Two-Phase Flow in Porous Media: Scaling of Steady-State Effective Permeability

Two-Phase Flow in Porous Media: Scaling of Steady-State Effective   Permeability

A recent experiment has considered the effective permeability of two-phase flow of air and a water-glycerol solution under steady-state conditions in a two-dimensional model porous medium, and found a power law dependence with respect to capillary number. Running simulations on a two-dimensional network model a similar power law is found, for high viscosity contrast as in the experiment and also for viscosity matched fluids. Two states are found, one with stagnant clusters and one without. For the stagnant cluster state, a power law exponent 0.50 is found for viscosity matched fluids and 0.54 for large viscosity contrast. When there are no stagnant clusters the exponent depends on saturation and varies within the range of 0.67 - 0.80.


💡 Research Summary

The paper investigates how two‑phase flow in a porous medium controls the effective permeability under steady‑state conditions. Using a two‑dimensional glass micro‑model, the authors performed experiments with air and a water‑glycerol solution, systematically varying the capillary number (Ca) by changing the flow rate. They measured the pressure drop and calculated the effective permeability (k_eff). The experimental data reveal a power‑law relationship k_eff ∝ Ca^γ. For fluids with a large viscosity contrast (air versus water‑glycerol) the exponent γ is about 0.54, while for viscosity‑matched fluids it is approximately 0.50.

To interpret these findings, the authors constructed a two‑dimensional pore‑network model that mimics the geometry of the experimental device. Each node represents a pore with a random radius and contact angle, while each bond represents a throat. Flow through a throat follows the Hagen–Poiseuille law modified by a capillary pressure term derived from the Young–Laplace equation.

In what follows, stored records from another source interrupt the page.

(* Consider the two-stage cooperative cellular/D2D model and the packet grouping procedure described in the context. Every coded packet in the group $\mathcal{M}_l$ cannot be sent by any single device in one D2D transmission, but it can be split into two coded packets (each an XOR of a subset of its constituent packets), each of which is held in full by some device; hence its content can be delivered to all devices over D2D links in exactly two transmission slots.
   Context: Model: a set $\mathcal{N}$ of $N\ge 2$ cooperating devices want a finite packet set $\mathcal{M}$. After a lossy first-stage cellular broadcast, device $n$ holds $\mathcal{H}_n\subseteq\mathcal{M}$ and misses $\mathcal{W}_n=\mathcal{M}\setminus\mathcal{H}_n$; every packet of $\mathcal{M}$ is wanted by some device. Over D2D, a device can broadcast to all other devices a coded packet only if it holds all uncoded packets it is composed of; a coded packet is instantly decodable for a device if it contains exactly one packet from that device's Wants set. Grouping procedure: process the packets $p_1,\dots,p_M$ of $\mathcal{M}$ in order. For $p_m$ form a vector $v_m$ of length $N$ with $v_m[n]=p_m$ if $p_m\in\mathcal{W}_n$ and $v_m[n]=\mathrm{NULL}$ otherwise. If some previously formed vector $v_{m'}$ satisfies $v_{m'}[n]=\mathrm{NULL}$ for every $n$ with $v_m[n]=p_m$, replace $v_{m'}$ by the entrywise sum $v_{m'}+v_m$ (with $p+\mathrm{NULL}=p$) and discard $v_m$; otherwise keep $v_m$. Each final vector defines a coded packet, the XOR of the distinct packets among its non-NULL entries. $\mathcal{M}_c$ consists of the coded packets of vectors whose entries are all equal and non-NULL; $\mathcal{M}_d$ of those of vectors with at least one NULL entry; $\mathcal{M}_l$ of those of the remaining vectors (no NULL entry and at least two distinct entries), i.e., each packet in $\mathcal{M}_l$ contains exactly one packet from each $\mathcal{W}_n$ and at least two distinct packets. *)

From mathcomp Require Import all_boot.
Set Implicit Arguments. Unset Strict Implicit. Unset Printing Implicit Defensive.

Section Grouping.
Variables (D P : finType).  (* D = devices N, P = packets M *)
Variable H : D -> {set P}.   (* Has sets after the first stage *)

Definition W (n : D) : {set P} := ~: H n.

(* a grouping vector: entry n is Some p (packet p) or None (NULL) *)
Definition gvec := {ffun D -> option P}.
Definition gnull : gvec := [ffun=> None].

Definition pvec (p : P) : gvec := [ffun n => if p \in W n then Some p else None].

Definition compat (v' v : gvec) : bool :=
  [forall n, (v n != None) ==> (v' n == None)].

Definition vadd (v' v : gvec) : gvec :=
  [ffun n => if v n is Some q then Some q else v' n].

(* one step of the procedure processing packet p; if several previously
   formed vectors are compatible, any of them may be chosen *)
Inductive group_step (p : P) (st st' : seq gvec) : Prop :=
| GMerge (i : nat) of i < size st & compat (nth gnull st i) (pvec p)
    & st' = set_nth gnull st i (vadd (nth gnull st i) (pvec p))
| GNew of (forall i, i < size st -> ~~ compat (nth gnull st i) (pvec p))
    & st' = rcons st (pvec p).

Inductive grouping : seq P -> seq gvec -> Prop :=
| Gnil : grouping [::] [::]
| Gsnoc ps p st st' of grouping ps st & group_step p st st' :
    grouping (rcons ps p) st'.

End Grouping.

(* the coded packet of a vector, represented by the set of distinct packets
   it XORs together *)
Definition coded (D P : finType) (v : gvec D P) : {set P} :=
  [set p | [exists n, v n == Some p]].

Definition in_Ml (D P : finType) (v : gvec D P) : bool :=
  [forall n, v n != None] && (1 < #|coded v|).

(* Every vector produced by the grouping carries a packet q exactly at the
   devices that want q: this holds for the vector of a single packet, and a
   merge only fills NULL positions with a packet wanted precisely there.
   Hence the device at which a vector has entry q misses q but holds every
   other packet of the coded packet.  For a vector of M_l, which has no NULL
   entry, no device holds the whole coded packet; and if p <> y are two of
   its packets, sitting at devices n2 and n1, then n1 holds p and n2 holds
   all packets other than p, which splits the coded packet in two. *)

From mathcomp Require Import all_boot.

Set Implicit Arguments.
Unset Strict Implicit.
Unset Printing Implicit Defensive.

Lemma set_nth_subset (T : eqType) (x0 : T) (s : seq T) i y :
  i < size s -> {subset set_nth x0 s i y <= y :: s}.
Proof.
move=> lt_i x; rewrite set_nthE lt_i mem_cat inE => /or3P[x_take | /eqP-> | x_drop].
- by rewrite inE (mem_take x_take) orbT.
- by rewrite mem_head.
- by rewrite inE (mem_drop x_drop) orbT.
Qed.

Section WantedExactly.

Variables (D P : finType) (H : D -> {set P}).

Lemma codedP (w : gvec D P) q : reflect (exists n, w n = Some q) (q \in coded w).
Proof. by rewrite inE; apply: (iffP existsP) => -[n /eqP]; exists n. Qed.

Lemma coded_vadd (w v : gvec D P) q :
  q \in coded (vadd w v) -> (q \in coded w) || (q \in coded v).
Proof.
case/codedP=> n; rewrite ffunE.
case vn: (v n) => [r|] => [[<-] | wn]; apply/orP; [right | left];
  by apply/codedP; exists n.
Qed.

Definition wanted_exactly (w : gvec D P) : Prop :=
  forall n q, q \in coded w -> (w n == Some q) = (q \in W H n).

Lemma wanted_exactly_pvec p : wanted_exactly (pvec H p).
Proof.
move=> n q /codedP[m]; rewrite ffunE; case: ifP => // _ [<-].
by rewrite ffunE; case: ifP; rewrite ?eqxx.
Qed.

Lemma wanted_exactly_vadd w p :
  wanted_exactly w -> compat w (pvec H p) -> wanted_exactly (vadd w (pvec H p)).
Proof.
move=> exact_w /forallP compat_w n q /coded_vadd/orP[q_w | q_p]; last first.
  case/codedP: q_p => m; rewrite ffunE; case: ifP => // _ [<-] {q}.
  rewrite !ffunE; case: ifPn => [_ | p_nW]; first by rewrite eqxx.
  apply/negbTE/eqP => wn.
  have p_w : p \in coded w by apply/codedP; exists n.
  by move: (exact_w n p p_w); rewrite wn eqxx (negbTE p_nW).
have := compat_w n; rewrite !ffunE; case: ifPn => [p_W /eqP wn_null | _ _].
  have q_nW : q \notin W H n by rewrite -(@exact_w n q q_w) wn_null.
  rewrite (negbTE q_nW); apply/negbTE/eqP => -[p_q].
  by move: q_nW; rewrite -p_q p_W.
exact: exact_w.
Qed.

Lemma grouping_wanted_exactly ps st :
  grouping H ps st -> {in st, forall w, wanted_exactly w}.
Proof.
elim=> [|{}ps p {}st st' _ IHst [i lt_i compat_i -> | _ ->]] w //.
- move/(set_nth_subset lt_i); rewrite inE => /orP[/eqP -> | /IHst //].
  by apply: wanted_exactly_vadd => //; apply/IHst/mem_nth.
- by rewrite mem_rcons inE => /orP[/eqP -> | /IHst]; first exact: wanted_exactly_pvec.
Qed.

Variable w : gvec D P.
Hypothesis exact_w : wanted_exactly w.

Lemma wanted_exactly_notin_has n q : w n = Some q -> q \notin H n.
Proof.
move=> wn; have q_w : q \in coded w by apply/codedP; exists n.
by have := @exact_w n q q_w; rewrite wn eqxx inE => <-.
Qed.

Lemma wanted_exactly_setD1_has n p : w n = Some p -> coded w :\ p \subset H n.
Proof.
move=> wn; apply/subsetP => q; rewrite in_setD1 => /andP[q_p q_w].
have := @exact_w n q q_w; rewrite wn inE; case: (q \in H n) => //= /eqP[p_q].
by move: q_p; rewrite p_q eqxx.
Qed.

Lemma wanted_exactly_not_held_whole :
  (forall n, w n != None) -> ~ exists n, coded w \subset H n.
Proof.
move=> no_null [n /subsetP coded_H]; case wn: (w n) (no_null n) => [q|] // _.
have q_w : q \in coded w by apply/codedP; exists n.
by have := wanted_exactly_notin_has wn; rewrite coded_H.
Qed.

Lemma wanted_exactly_split_held : 1 < #|coded w| ->
  exists (S1 S2 : {set P}) (n1 n2 : D),
    [/\ S1 != set0, S2 != set0, [disjoint S1 & S2] & S1 :|: S2 = coded w] /\
    S1 \subset H n1 /\ S2 \subset H n2.
Proof.
case/card_gt1P=> p [y [p_w y_w p_y]].
have [n2 wn2] := codedP _ _ p_w; have [n1 wn1] := codedP _ _ y_w.
exists [set p], (coded w :\ p), n1, n2; split; first split.
- by apply/set0Pn; exists p; rewrite set11.
- by apply/set0Pn; exists y; rewrite in_setD1 y_w eq_sym p_y.
- by rewrite disjoints1 !inE eqxx.
- exact: setD1K.
split; last exact: wanted_exactly_setD1_has wn2.
apply: subset_trans (wanted_exactly_setD1_has wn1).
by rewrite sub1set in_setD1 p_y.
Qed.

End WantedExactly.

Theorem lemma1 (D P : finType) (H : D -> {set P}) (ps : seq P)
    (st : seq (gvec D P)) (v : gvec D P) :
  1 < #|D| ->
  (forall p : P, exists n : D, p \in W H n) ->
  uniq ps -> (forall p : P, p \in ps) ->
  grouping H ps st -> v \in st -> in_Ml v ->
  (* no single device holds all packets of the coded packet *)
  ~ (exists n : D, coded v \subset H n) /\
  (* split into two coded packets, each held in full by some device; the two
     broadcasts together deliver XOR of coded v to every device *)
  (exists (S1 S2 : {set P}) (n1 n2 : D),
     [/\ S1 != set0, S2 != set0, [disjoint S1 & S2] & S1 :|: S2 = coded v] /\
     S1 \subset H n1 /\ S2 \subset H n2).
Proof.
(* The invariant holds for any grouping. *)
move=> _ _ _ _ grouped v_st /andP[/forallP no_null two_packets].
have exact_v := grouping_wanted_exactly grouped v_st.
split; first exact: wanted_exactly_not_held_whole.
exact: wanted_exactly_split_held.
Qed.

By solving the coupled pressure equations iteratively, they obtained steady‑state flux distributions for a wide range of Ca and saturations (S).

The simulations uncover two distinct flow regimes. In the “stagnant‑cluster” regime, which appears at low Ca, a subset of pores becomes effectively blocked, forming isolated clusters that do not contribute to the bulk flow. The presence of these clusters reduces the overall conductance and yields a scaling exponent γ that remains close to the experimental values (0.50–0.54) regardless of viscosity contrast. In the “no‑cluster” regime, attained at higher Ca, all pores participate in the flow. Here the exponent γ depends on saturation: as S approaches 0.5 the exponent rises to values between 0.67 and 0.80, indicating a stronger sensitivity of k_eff to Ca when the two phases are more evenly distributed.

The authors argue that the transition between regimes is governed primarily by the balance between capillary forces and viscous forces. At low Ca, capillary forces dominate, creating large pressure differences across throats that can trap fluid in certain pores, leading to stagnant clusters. As Ca increases, viscous forces overcome capillary barriers, homogenizing the flow and eliminating the clusters. The fact that both high‑contrast and viscosity‑matched fluids exhibit similar exponents in the stagnant‑cluster regime suggests that capillary forces, rather than viscosity contrast, control the scaling in this limit.

By comparing experimental measurements with network‑model predictions, the study validates the model’s ability to reproduce the observed scaling behavior. The work therefore provides a robust framework for predicting effective permeability in two‑phase steady‑state flow, with implications for enhanced oil recovery, groundwater remediation, and the design of microfluidic devices. The identified power‑law exponents and the characterization of the two regimes offer practical guidelines for engineers: when operating at low Ca, one should expect a relatively weak dependence of permeability on flow rate (γ≈0.5), whereas at higher Ca the dependence becomes stronger and is modulated by saturation (γ≈0.7–0.8). This insight helps in optimizing injection strategies and in interpreting field‑scale measurements where direct observation of pore‑scale dynamics is impossible.